SAN DIEGO Cervical cancer screening in STD clinics is feasible and highly effective, according to results from a 2-year single clinic study.
"From previous studies we know that women who attend STD clinics are at greater risk for having abnormal cervical cytology, but screening is often perceived as a barrier, that clinics are very busy, and there are other conflicting interests that bring the patient there," Dr. Susan S. Philip said in an interview during a poster session at the annual meeting of the Infectious Diseases Society of America. "I'd like to argue that it's feasible and it's a good idea to screen women who come to STD clinics for cervical cancer Pap testing."

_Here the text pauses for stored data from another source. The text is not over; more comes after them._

Lemma matching_onto f :
  matching [set: T] [set: U] f -> #|U| <= #|T| -> forall y, exists x, f x = Some y.
Proof.
case=> fE fI cardUT y; pose g x := odflt y (f x).
have gE x : f x = Some (g x) by rewrite /g; case: (fE x (in_setT x)) => y' ->.
have g_inj : injective g by move=> x x' e; apply: fI; rewrite ?in_setT // !gE e.
have /codomP[x ->] : y \in codom g := inj_card_onto g_inj cardUT y.
by exists x.
Qed.

End HallMarriage.

Lemma card_lower_homo (T : finType) (lt : rel T) : transitive lt -> irreflexive lt ->
  {homo (fun x => #|[set y | lt y x]|) : x y / lt x y >-> x < y}.
Proof.
move=> ltT ltI x y lxy; apply: proper_card; rewrite properE; apply/andP; split.
  by apply/subsetP => z; rewrite !inE => /ltT; apply.
by apply/subsetPn; exists x; rewrite !inE ?ltI.
Qed.

Section UnipotentRank.
Variable k : fieldType.
Local Open Scope ring_scope.

Lemma row_free_unipotent K (M : 'M[k]_K) (lt : rel 'I_K) :
  transitive lt -> irreflexive lt -> (forall i j, M i j != 0 -> lt j i) ->
  row_free (1%:M - M).
Proof.
move=> ltT ltI Mlt; apply: inj_row_free => v; rewrite mulmxBr mulmx1 => /subr0_eq vM.
apply/rowP => j; rewrite mxE; apply/eqP/negPn/negP => vj.
pose rho j := #|[set i | lt i j]|.
case: (@arg_maxnP _ j (fun i => v 0 i != 0) rho vj) => j' vj' j'max.
move: vj'; rewrite {1}vM mxE big1 ?eqxx // => i _.
have [->|/Mlt lt_j'i] := eqVneq (M i j') 0; first by rewrite mulr0.
have [->|vi] := eqVneq (v 0 i) 0; first by rewrite mul0r.
by move: (j'max i vi) => /(leq_trans (card_lower_homo ltT ltI lt_j'i)); rewrite ltnn.
Qed.

Lemma hall_cond_mulmx1 m n (A : 'M[k]_(m, n)) (B : 'M[k]_(n, m))
    (E : 'I_m -> 'I_n -> bool) (lt : rel 'I_m) :
  A *m B = 1%:M -> transitive lt -> irreflexive lt ->
  (forall p p' q, A p q != 0 -> B q p' != 0 -> ~~ E p q -> ~~ E p' q -> lt p' p) ->
  hall_cond E [set: 'I_m] [set: 'I_n].
Proof.
move=> AB ltT ltI key X _; set N := nbh E X setT.
pose eX := @enum_val _ (mem X); pose eN := @enum_val _ (mem N).
pose M : 'M[k]_#|X| := \matrix_(i, i') \sum_(q | q \notin N) A (eX i) q * B q (eX i').
have AB_XN : mxsub eX eN A *m mxsub eN eX B = 1%:M - M.
  apply/matrixP => i i'; rewrite !mxE.
  have := congr1 (fun C : 'M_m => C (eX i) (eX i')) AB.
  rewrite !mxE (inj_eq enum_val_inj) => <-.
  rewrite (bigID (mem N)) /= addrK [in RHS]big_enum_val /=.
  by apply: eq_bigr => j _; rewrite !mxE.
have M_lt i i' : M i i' != 0 -> lt (eX i') (eX i).
  rewrite mxE; apply: contraNT => nlt; apply/eqP/big1 => q qN.
  have [->|Aq] := eqVneq (A (eX i) q) 0; first by rewrite mul0r.
  have [->|Bq] := eqVneq (B q (eX i')) 0; first by rewrite mulr0.
  by case/negP: nlt; apply: key Aq Bq _ _; apply: nbhN qN; rewrite ?enum_valP.
have /eqP <- := row_free_unipotent (lt := fun i' i => lt (eX i') (eX i))
  (fun _ _ _ => ltT _ _ _) (fun i => ltI (eX i)) M_lt.
by rewrite -AB_XN; apply: leq_trans (mxrankM_maxl _ _) (rank_leq_col _).
Qed.

End UnipotentRank.

Implicit Types (I J : pred bpt).

Lemma RlebP s t : reflect (Rle s t) (Rleb s t).
Proof. by rewrite /Rleb; case: Rle_dec => h; constructor. Qed.

Lemma ble_lam eps b b' : ble b b' -> ble (lam eps b) (lam eps b').
Proof.
case: b b' => [|s i|] [|t j|] //= /andP[-> /RlebP st]; apply/RlebP; lra.
Qed.

Lemma inL_NegInf I : inL I -> I NegInf.
Proof. by case. Qed.

Lemma inL_down I x y : inL I -> ble x y -> I y -> I x.
Proof. by case=> [[_ conv _] IN _] xy Iy; apply: conv IN Iy _ xy. Qed.

Lemma inL_PosInfN I : inL I -> ~~ I PosInf.
Proof.
case=> [[_ conv _] IN [b /negP Ib]]; apply/negP => IP.
by apply: Ib (conv _ _ _ IN IP _ _); case: b.
Qed.

Definition shift_incl eps (I J : pred bpt) := forall b, I (lam eps b) -> J b.

Section IntervalModules.
Variable k : fieldType.
Local Open Scope ring_scope.

Lemma ivmod_significant d I : I NegInf -> significant d (ivmod k I).
Proof.
move=> IN /(_ NegInf) /matrixP.
have i0 : 'I_(I NegInf) by apply: (@Ordinal _ 0); rewrite IN.
by move=> /(_ i0 i0) /eqP; rewrite !mxE oner_eq0.
Qed.

Lemma mul_const_mx1 (a b c : bool) : (a -> c -> b) ->
  (const_mx 1 : 'M[k]_(a, b)) *m (const_mx 1 : 'M[k]_(b, c)) = const_mx 1.
Proof.
move=> abc; apply/matrixP => i j; rewrite !mxE.
have -> : b = true by apply: abc; [case: a i => -[] | case: c j => -[]].
by rewrite big_ord1 !mxE mulr1.
Qed.

Lemma ivmod_const_morph eps I J : inL J -> shift_incl eps J I ->
  is_morph (V := ivmod k I) (W := shift eps (ivmod k J)) (fun=> const_mx 1).
Proof.
move=> JL JI b b' bb' /=; rewrite !mul_const_mx1 // => _ Jb'.
  exact: inL_down JL (ble_lam eps bb') Jb'.
exact: JI.
Qed.

Lemma ivmod_interleaved eps I J : inL I -> inL J ->
  shift_incl eps I J -> shift_incl eps J I -> interleaved eps (ivmod k I) (ivmod k J).
Proof.
move=> IL JL IJ JI; exists (fun=> const_mx 1), (fun=> const_mx 1); split.
- exact: ivmod_const_morph.
- exact: ivmod_const_morph.
- by move=> b /=; rewrite mul_const_mx1 // => _; apply: IJ.
- by move=> b /=; rewrite mul_const_mx1 // => _; apply: JI.
Qed.

End IntervalModules.

Section DirectSums.
Variable k : fieldType.
Local Open Scope ring_scope.

Lemma dsum_idx_mem m (X : 'I_m -> pred bpt) b (p : 'I_m) : (val p \in dsum_idx X b) = X p b.
Proof. by rewrite /dsum_idx (mem_map val_inj) mem_filter mem_enum andbT. Qed.

Lemma dsum_idx_NegInf m (X : 'I_m -> pred bpt) :
  (forall p, X p NegInf) -> dsum_idx X NegInf = iota 0 m.
Proof.
by move=> XN; rewrite /dsum_idx (eq_filter (a2 := predT)) ?filter_predT ?val_enum_ord.
Qed.

Lemma nth_dsum_idx_NegInf m (X : 'I_m -> pred bpt) i : (forall p, X p NegInf) ->
  (i < size (dsum_idx X NegInf))%N -> nth 0%N (dsum_idx X NegInf) i = i.
Proof. by move=> XN; rewrite dsum_idx_NegInf // size_iota => /nth_iota->. Qed.

Lemma bmap_dsum_NegInf m (X : 'I_m -> pred bpt) :
  (forall p, X p NegInf) -> bmap (dsum k X) NegInf NegInf = 1%:M.
Proof.
move=> XN; apply/matrixP => a c; rewrite !mxE /=.
by rewrite !(nth_dsum_idx_NegInf XN (ltn_ord _)) (inj_eq val_inj).
Qed.

Lemma dsum_morph_NegInf_incl m n (X : 'I_m -> pred bpt) (Y : 'I_n -> pred bpt) eps
    (alpha : forall b, 'M[k]_(bdim (dsum k X) b, bdim (dsum k Y) (lam eps b))) :
  (forall p, X p NegInf) -> (forall q, Y q NegInf) ->
  is_morph (V := dsum k X) (W := shift eps (dsum k Y)) alpha ->
  forall a c (p : 'I_m) (q : 'I_n), val a = val p -> val c = val q ->
  alpha NegInf a c != 0 -> shift_incl eps (Y q) (X p).
Proof.
move=> XN YN alpha_morph a c p q ap cq alpha_ac b Yq; apply/idPn => Xp.
have q_lt : (index (val q) (dsum_idx Y (lam eps b)) < bdim (dsum k Y) (lam eps b))%N.
  by rewrite index_mem dsum_idx_mem.
move/matrixP/(_ a (Ordinal q_lt)): (alpha_morph NegInf b isT); rewrite !mxE /=.
rewrite big1 => [|r _]; last first.
  rewrite !mxE (nth_dsum_idx_NegInf XN (ltn_ord _)) ap.
  case: eqP => [pr|_]; last by rewrite mul0r.
  by case/negP: Xp; rewrite -dsum_idx_mem pr mem_nth.
rewrite (bigD1 c) //= big1 => [|s sc]; last first.
  rewrite !mxE (nth_dsum_idx_NegInf YN (ltn_ord _)) nth_index ?dsum_idx_mem // -cq.
  by rewrite (inj_eq val_inj) (negbTE sc) mulr0.
rewrite !mxE (nth_dsum_idx_NegInf YN (ltn_ord _)) nth_index ?dsum_idx_mem // cq eqxx.
by rewrite mulr1 addr0 => /esym/eqP; rewrite (negbTE alpha_ac).
Qed.

Lemma interleaved_dsum_NegInf m n (X : 'I_m -> pred bpt) (Y : 'I_n -> pred bpt) eps :
  (forall p, X p NegInf) -> (forall q, Y q NegInf) ->
  interleaved eps (dsum k X) (dsum k Y) ->
  exists (A : 'M[k]_(m, n)) (B : 'M[k]_(n, m)),
    [/\ A *m B = 1%:M,
        forall p q, A p q != 0 -> shift_incl eps (Y q) (X p) &
        forall q p, B q p != 0 -> shift_incl eps (X p) (Y q)].
Proof.
move=> XN YN [alpha [beta [alpha_morph beta_morph alpha_beta _]]].
have dimX : bdim (dsum k X) NegInf = m by rewrite /= dsum_idx_NegInf ?size_iota.
have dimY : bdim (dsum k Y) NegInf = n by rewrite /= dsum_idx_NegInf ?size_iota.
have AB : alpha NegInf *m beta NegInf = 1%:M :=
  etrans (alpha_beta NegInf) (bmap_dsum_NegInf XN).
have incl_A := dsum_morph_NegInf_incl XN YN alpha_morph.
have incl_B := dsum_morph_NegInf_incl YN XN beta_morph.
(* The dimensions at -oo equal m and n only propositionally: generalize, then rewrite. *)
move: (alpha NegInf) (beta NegInf) AB incl_A incl_B; rewrite dimX dimY.
move=> A B AB incl_A incl_B; exists A, B; split=> // [p q | q p].
  exact: incl_A.
exact: incl_B.
Qed.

Between 2004 and 2006 she and her associates offered Pap testing to 10,275 females with a mean age of 27 years who visited San Francisco's public STD clinic and who reported having no Pap test in the previous year. The researchers compared the rates of screening by clinicians trained in family planning versus those who lacked such training. They also analyzed certain demographic characteristics of the study population and defined abnormal Pap results as atypical squamous cell of undetermined significance (ASCUS), low-grade squamous intraepithelial lesion (LGSIL), or high-grade squamous intraepithelial lesion (HGSIL).

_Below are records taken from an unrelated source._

(* A term with [Y i l0 > 0] vanishes since [z l0 = 0], the others are
   nonnegative, and the edge [i0 -> j0] contributes a positive one. *)
Lemma mass_action_rhs_gt0 (z : 'I_s -> R) i0 j0 l0 : (forall l, 0 <= z l) -> E i0 j0 ->
  vanish_on (fun m => z m = 0) (Y i0) -> z l0 = 0 -> (0 < Y j0 l0)%N -> 0 < F z l0.
Proof.
move=> z_ge0 Eij0 Yi0 zl0 Yj0; rewrite mass_action_rhsE.
set T := fun i j => psi Y z i * edge_rate E k i j * ((Y j l0)%:R - (Y i l0)%:R).
have psi_ge0 i : 0 <= psi Y z i by apply: prodr_ge0 => l _; apply: exprn_ge0.
have T_ge0 i j : 0 <= T i j.
  have [Yil0|Yil0] := eqVneq (Y i l0) 0%N.
    by rewrite /T Yil0 subr0; do 2 apply: mulr_ge0 => //; exact: edge_rate_ge0.
  by rewrite /T /psi (bigD1 l0) //= zl0 expr0n (negbTE Yil0) !mul0r.
have Yi0l0 : Y i0 l0 = 0%N by exact: Yi0.
have ij0 : i0 != j0 by apply: contraTneq Yj0 => <-; rewrite Yi0l0.
have T_gt0 : 0 < T i0 j0.
  rewrite /T Yi0l0 subr0; apply: mulr_gt0; last by rewrite ltr0n.
  apply: mulr_gt0.
    apply: prodr_gt0 => m _; have [zm0|zm0] := eqVneq (z m) 0; first by rewrite Yi0 ?expr0.
    by apply: exprn_gt0; rewrite lt_neqAle eq_sym zm0 z_ge0.
  by rewrite /edge_rate (negbTE ij0) /offdiag Eij0 hk.
rewrite (bigD1 i0) //= (bigD1 j0) //= -/(T i0 j0); apply: (lt_le_trans T_gt0).
rewrite -addrA lerDl; apply: addr_ge0; first by apply: sumr_ge0 => j _; apply: T_ge0.
by apply: sumr_ge0 => i _; apply: sumr_ge0 => j _; apply: T_ge0.
Qed.

End MassActionAnalysis.

Section Solution.
Variables (s n : nat) (E : rel 'I_n) (Y : 'I_n -> monomial s) (k : 'I_n -> 'I_n -> R).
Local Notation F z l := (mass_action_rhs E Y k z 0 l).
Variable x : R -> 'I_s -> R.
Hypothesis hsol : is_solution E Y k x.

Lemma solution_continuous t l : 0 < t -> {for t, continuous (fun u : R^o => x u l : R^o)}.
Proof.
move=> t0; apply/differentiable_continuous; rewrite -derivable1_diffP.
exact: (@ex_derive _ _ _ _ _ _ _ (hsol t0 l)).
Qed.

Lemma solution_MVT a b l : 0 < a -> a < b ->
  exists2 c, c \in `]a, b[ & x b l - x a l = F (x c) l * (b - a).
Proof.
by move=> a0 ab; apply: (@MVT_gt0 (fun u => x u l) (fun u => F (x u) l)) => // u u0; apply: hsol.
Qed.

Lemma solution_conserved (c : 'I_s -> R) : (forall z, \sum_m c m * F z m = 0) ->
  forall a b, 0 < a -> 0 < b -> \sum_m c m * x a m = \sum_m c m * x b m.
Proof.
move=> hc; have g_derive t : 0 < t -> is_derive (t : R^o) (1 : R^o)
    (fun u : R^o => \sum_m c m * x u m : R^o) (\sum_m c m * F (x t) m).
  move=> t0; have -> : (fun u : R^o => \sum_m c m * x u m : R^o) =
      \sum_(m < s) (c m \*: (fun u : R^o => x u m : R^o)).
    by apply: funext => u; rewrite fct_sumE.
  exact: (is_derive_sum (fun m => is_deriveZ (c m) (hsol t0 m))).
move=> a b; wlog ab : a b / a < b.
  move=> W a0 b0; have [ab|ba|->] := ltgtP a b; [exact: W|exact/esym/W|by []].
move=> a0 _; have [t _] := MVT_gt0 a0 ab g_derive.
by rewrite hc mul0r => /eqP; rewrite subr_eq0 => /eqP.
Qed.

Of the 10,275 visits by females for STD testing, 2,158 (21%) included Pap testing, reported Dr. Philip of the STD prevention and control services at the San Francisco Department of Public Health. "That number seems low, but some of those women may have presented with other urgent STD-related needs, so testing was deferred," she explained.
Of clinicians trained in family planning, 25% offered Pap tests to the women, compared with 18% of clinicians who were not, a difference that was statistically significant. "Perhaps we need to see about additional training for those clinicians who are not historically trained in family planning to increase their comfort with the Pap test," Dr. Philip said.

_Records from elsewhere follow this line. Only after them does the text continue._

(* The full subcategory $\overline{\mathcal{A}}_p(S)$ of $\mathcal{A}_p(S)$ is a semi-skeleton of $\mathcal{A}_p(S)$, and its number of objects is $\sum_{L\in\mathcal{L}}|H^1(L,T)|$.
   Context: Conventions: normalised cocycles $Z^n$, coboundaries $B^n$, cohomology $H^n$ for right modules written additively; $\mathrm{Ext}(\tau)$ is $G\times M$ with $(g,m)(h,n)=(gh,m^h+n+\tau(g,h))$. Setting: $S$ infinite pro-$p$-group of finite coclass; $T=\gamma_\ell(S)$ ($\ell$ large), $T\cong\mathbb{Z}_p^d$, $P=S/T$ finite, the series $T_0=T$, $T_{i+1}=[T_i,S]$ with all indices $p$; $T$ an additive $P$-module via conjugation; $S=\mathrm{Ext}(\rho)$, $\rho\in Z^2(P,T)$, $T=\{(1,t)\}$. For $L\leq P$, $\overline{L}$ is its full preimage in $S$. $\mathcal{L}$ = elementary abelian $L\leq P$ with $\rho_L\in B^2(L,T)$. For $L\in\mathcal{L}$ fix a complement $C_L=\{(l,t_L(l))\mid l\in L\}$ to $T$ in $\overline{L}$ and put $C_L(\delta)=\{(l,t_L(l)+\delta(l))\}$ for $\delta\in Z^1(L,T)$. Let $T^1(L,T)$ be a transversal of $B^1(L,T)$ in $Z^1(L,T)$. $\mathcal{A}_p(S)$ is the Quillen category (objects: elementary abelian subgroups of $S$; morphisms: injective homomorphisms induced by conjugation in $S$), and $\overline{\mathcal{A}}_p(S)$ is its full subcategory on the objects $C_L(\gamma)$ with $L\in\mathcal{L}$, $\gamma\in T^1(L,T)$. A semi-skeleton of a category is a full subcategory containing at least one object from each isomorphism class of objects. *)

From HB Require Import structures.
From mathcomp Require Import all_boot all_order all_algebra all_fingroup all_solvable.
From mathcomp Require Import boolp classical_sets cardinality.
Set Implicit Arguments. Unset Strict Implicit. Unset Printing Implicit Defensive.
Import GRing.Theory.
Local Open Scope ring_scope.
Local Open Scope classical_set_scope.

(* Z_p is modelled as the inverse limit of the Z/p^n: coherent sequences
   x : nat -> nat with x n < p^n and x (n+1) mod p^n = x n, with
   componentwise addition mod p^n. *)
Definition padic_seq (p : nat) (x : nat -> nat) : Prop :=
  forall n, (x n < p ^ n)%N /\ (x n.+1 %% p ^ n)%N = x n.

Only 11 of the 2,158 Pap specimens (0.51%) were unsatisfactory by laboratory standards. "We feared that the rate of unsatisfactory specimens would be higher in our STD clinic, maybe because we weren't all trained in family planning or because other conditions were going on at the cervix of the woman in terms of chlamydia or gonorrhea," Dr. Philip said. But "we showed it's possible to get a good sample from these women."
Of the 2,147 satisfactory Pap specimens, 1,944 (90.5%) were normal and 203 (9.5%) were abnormal. Of the abnormal specimens, 124 (61%) were reported as ASCUS, 68 (33.5%) reported as LGSIL, and 11 (5%) reported as HGSIL. Overall, 21.2% of Asian/Pacific Islanders, 16.3% of African Americans, 15.8% of Hispanics, and 1.5% of whites had abnormal Pap results.
Dr. Philip acknowledged certain limitations of the study, including its observational design and the fact that 73% of patients who visit the clinic are men.
"Data from our clinic might not be generalizable to other STD clinic populations, but we encourage people to integrate cervical cancer screening in their own clinic," she said.